Помочиться он пробрался в тамбур между вагонами и еле влез обратно; днем вагон нагрелся, невыносимо хотелось пить, хохлушка внизу достала огромную бутыль чего-то красного — «компот», называла она эту жидкость, — и предлагала соседу. Ять не решался попросить — сейчас и так не хватает всего; хохлы пили и кушали с большим аппетитом. Наконец какой-то солдат протянул Ятю медный чайник — в Джанкое набрали воды. Ять сделал несколько глотков, чувствуя, как внезапные, необъяснимые слезы сжимают ему горло. Впрочем, этот же солдат с легкостью отпихнул бы его от дверей, атакуя поезд, или проорал бы до утра пьяную песню, все одну и ту же, — нимало не смущаясь тем, что мешает кому-то спать. Вторая ночь путешествия — они давно уже должны были выехать из Крыма, а все тянулась за окном сухая желтая степь, — была тошней первой.
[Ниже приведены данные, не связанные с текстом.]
(* Read off at the site [p - 1], from which [Λ] lands on the fixed point [0]. *)
Lemma lax_row_singular eps u v (flow : lax_flow eps u v) X p (HXp : X p = 0)
  (HX : forall n, n <> p -> orbit_at eps X n) t j i : (p <= i)%Z ->
  Nat.iter j (lax_jacobi X u v t) (delta i) p
  = Nat.iter j (lax_jacobi (fun _ => 0) u v t) (delta i) p.
Proof.
  intros Hi. destruct j as [|j']; [reflexivity|]. set (j := S j').
  set (n := (p - 1)%Z).
  assert (Hn : orbit_at eps X n) by (apply HX; unfold n; lia).
  assert (Hn1 : orbit_at eps X (n - 1)) by (apply HX; unfold n; lia).
  pose proof (lax_flow_coef_pos eps u v flow j ltac:(unfold j; lia) (i - n) (X n) t
    ltac:(unfold n; lia)) as H0.
  rewrite coef_dact, (dact_dcomm eps), dact_Lax in H0 by exact Hn.
  replace (n + (i - n))%Z with i in H0 by lia.
  unfold lax_jacobi at 2, jacobi at 1 in H0.
  replace (n + 1)%Z with p in H0 by (unfold n; lia).
  rewrite (dact_ext_site X (fun _ => 0) _ _ p) in H0 by exact HXp.
  rewrite (dact_Bop_plus eps u v (fun _ => 0)) in H0 by apply orbit_at_zero.
  rewrite !dact_Bop_plus in H0 by assumption.
  unfold op_plus in H0.
  rewrite (trunc_ge_id n (lax_jacobi X u v t (delta i))) in H0.
  2:{ intros m Hm. unfold lax_jacobi, jacobi, delta.
      destruct (Z.eqb_spec (m + 1) i), (Z.eqb_spec m i), (Z.eqb_spec (m - 1) i);
        unfold n in *; lia || ring. }
  rewrite !trunc_ge_delta in H0 by (unfold n; lia).
  rewrite Nat.iter_swap in H0. unfold lax_jacobi at 1, jacobi at 1 in H0.
  replace (n + 1)%Z with p in H0 by (unfold n; lia).
  assert (Hfact : / INR (fact j) <> 0) by (apply Rinv_neq_0_compat, INR_fact_neq_0).
  apply (Rmult_eq_reg_l (/ INR (fact j))); [lra | exact Hfact].
Qed.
Снова духота, вонь, храп, внезапные остановки, паровозные искры и копоть, идиотские слухи — то о немецком, то о жидовском происхождении Ленина, то о том, будто в Питере всех баб пустили по рукам, а браки больше не регистрируются и каждый может каждую, то, наконец, о том, что столица обратно перенесена в Москву (это был предел апокалиптсических ожиданий — главное, кому это было надо?!). Много спорили о немцах, еще больше — о своих бандитах, которые уже вовсю берут власть в городах; упоминались и обнаглевшие татары. Татары испуганно молчали — в этом поезде они были в меньшинстве.